The Emotion That Doesn’t Fit the Map
Jain and colleagues’ 2023 paper reports a finding that is empirically precise and philosophically radical: aesthetic chills do not simply intensify whatever the perceiver was already feeling but move the perceiver into a qualitatively different affective state. Using continuous self-report measures of valence (pleasant to unpleasant) and arousal (calm to activated), the researchers tracked participants’ emotional trajectories before, during, and after chill events elicited by music and film. The data reveal a consistent pattern: chills shift valence toward greater positivity and produce a paradoxical arousal signature — simultaneously increasing alertness and deepening calm. The resulting state, which the authors characterize as “alert tranquility,” occupies a region of affective space that dimensional models of emotion do not adequately predict or describe.
A Crack in the Circumplex
Russell’s circumplex model of affect — the dominant framework in emotion research for four decades — arranges emotional states along two independent dimensions: valence (positive to negative) and arousal (activated to deactivated). High valence and high arousal yields excitement; high valence and low arousal yields contentment; low valence and high arousal yields anxiety. The model assumes that these two dimensions fully characterize the affective landscape. Jain’s finding that aesthetic chills produce a state that is simultaneously high-arousal and low-arousal — alert yet tranquil — suggests that the circumplex has a structural limitation. There exist emotional states that the two-dimensional map cannot locate because they involve the coincidence of opposites rather than the linear combination of orthogonal dimensions.

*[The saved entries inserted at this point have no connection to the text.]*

Lemma AoI_gap_small (f : R -> R) (a b W eps : R) : condA f a b -> condB f a b -> 0 <= W ->
  0 < eps -> at_right 0 (fun delta =>
    0 <= AoI_opt f zero_wait (Q_uni a b delta)
         - AoI_joint_opt f a b W (distortion f (Q_uni a b delta)) < eps).
Proof.
  intros hA hB hW Heps. pose proof ln2_pos. pose proof (support_lt f a b hA).
  destruct (density_bounded f a b hA) as [M [HM1 HM]].
  set (K := uni_code_spread a b M). assert (HK : 0 <= K) by (apply uni_code_spread_nonneg; lra).
  set (e := eps * ln 2 / 3). assert (He : 0 < e) by (apply Rdiv_lt_0_compat; nra).
  set (Z := K * ln 2 / eps + 1).
  assert (HZ : K * ln 2 < eps * Z) by (unfold Z; field_simplify; nra).
  assert (Hd0 : 0 < / (2 * M)) by (apply Rinv_0_lt_compat; lra).
  generalize (filter_and _ _ (quant_entropy_uni_near_opt f a b hA hB e He)
               (filter_and _ _ (quant_entropy_uni_large f a b hA Z)
                 (at_right_0_intro _ _ Hd0 (fun x Hx => Hx)))).
  apply filter_imp. intros delta [Hopt [HH [Hd Hdd]]].
  assert (HMd : M * delta <= / 2).
  { replace (/ 2) with (M * / (2 * M)) by (field; lra). apply Rmult_le_compat_l; lra. }
  set (ent := quant_entropy f (Q_uni a b delta)) in *.
  destruct (AoI_joint_opt_bounds f a b hA W delta (3 / 2 * ((ent - e) / ln 2)) hW Hd) as [Hlow Hup].
  { intros Q hQ HQ. specialize (Hopt Q hQ HQ).
    apply Rmult_le_compat_l; [lra |].
    apply Rmult_le_compat_r; [apply Rlt_le, Rinv_0_lt_compat |]; lra. }
  pose proof (AoI_opt_uni_le f a b delta M hA Hd ltac:(nra) HM1 HM ltac:(lra)) as HAoI.
  fold K ent in HAoI.
  assert (HZ0 : 0 < Z)
    by (unfold Z; assert (0 <= K * ln 2 / eps) by (apply Rdiv_le_0_compat; nra); lra).
  assert (Hspread : K / (2 * (ent / ln 2)) < eps / 2).
  { replace (K / (2 * (ent / ln 2))) with (K * ln 2 / (2 * ent)) by (field; split; lra).
    apply (Rmult_lt_reg_r (2 * ent)); [lra |].
    replace (K * ln 2 / (2 * ent) * (2 * ent)) with (K * ln 2) by (field; lra). nra. }
  assert (3 / 2 * (ent / ln 2) - 3 / 2 * ((ent - e) / ln 2) = eps / 2) by (unfold e; field; lra).
  split; lra.
Qed.

Theorem theorem1 (f : R -> R) (a b W : R) :
  condA f a b -> condB f a b -> 0 <= W ->
  filterlim
    (fun delta =>
       AoI_opt f zero_wait (Q_uni a b delta)
       - AoI_joint_opt f a b W (distortion f (Q_uni a b delta)))
    (at_right 0) (locally 0).
Proof.
  intros hA hB hW. apply filterlim_locally. intros eps.
  generalize (AoI_gap_small f a b W eps hA hB hW (cond_pos eps)).
  apply filter_imp. intros delta Hgap. rewrite ball_R_iff, Rabs_lt_between. lra.
Qed.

The Coincidentia Oppositorum in the Body
For depth psychology, the coincidence of opposites is not a paradox to be resolved but a signature of the numinous. Jung’s concept of the transcendent function describes precisely this: a psychic state in which opposing tendencies — conscious and unconscious, thinking and feeling, tension and surrender — are held in dynamic equilibrium rather than collapsing into one pole or the other. The “alert tranquility” Jain identifies as the affective signature of aesthetic chills is the body’s version of the transcendent function — a somatic state in which the organism is simultaneously activated and at rest, engaged and surrendered, moved and still. That this state is produced by beauty rather than by meditation, therapy, or pharmaceutical intervention suggests that aesthetic experience provides a natural route to the coincidentia oppositorum that the depth tradition has always identified as the hallmark of psychological integration.
From Drift to Transformation
The paper’s use of “drift” is apt and revealing. The emotional shift produced by aesthetic chills is not instantaneous but gradual — it unfolds over seconds, altering the perceiver’s affective landscape as a current alters the course of a vessel. This temporal quality distinguishes aesthetic chills from startle responses, fight-or-flight reactions, and other sudden emotional events. The body does not lurch into alert tranquility; it drifts there, carried by the beauty of the stimulus. The clinical implication is that aesthetic experience may function as a gentle modulator of affective states — a way of shifting the autonomic nervous system’s set-point without the intensity of exposure therapy or the invasiveness of pharmacology. For patients stuck in chronic states of hyperarousal or hypoarousal, the aesthetic chill offers a natural pathway toward the middle ground that polyvagal theory identifies as the window of tolerance and that depth psychology recognizes as the ego’s proper relation to the Self.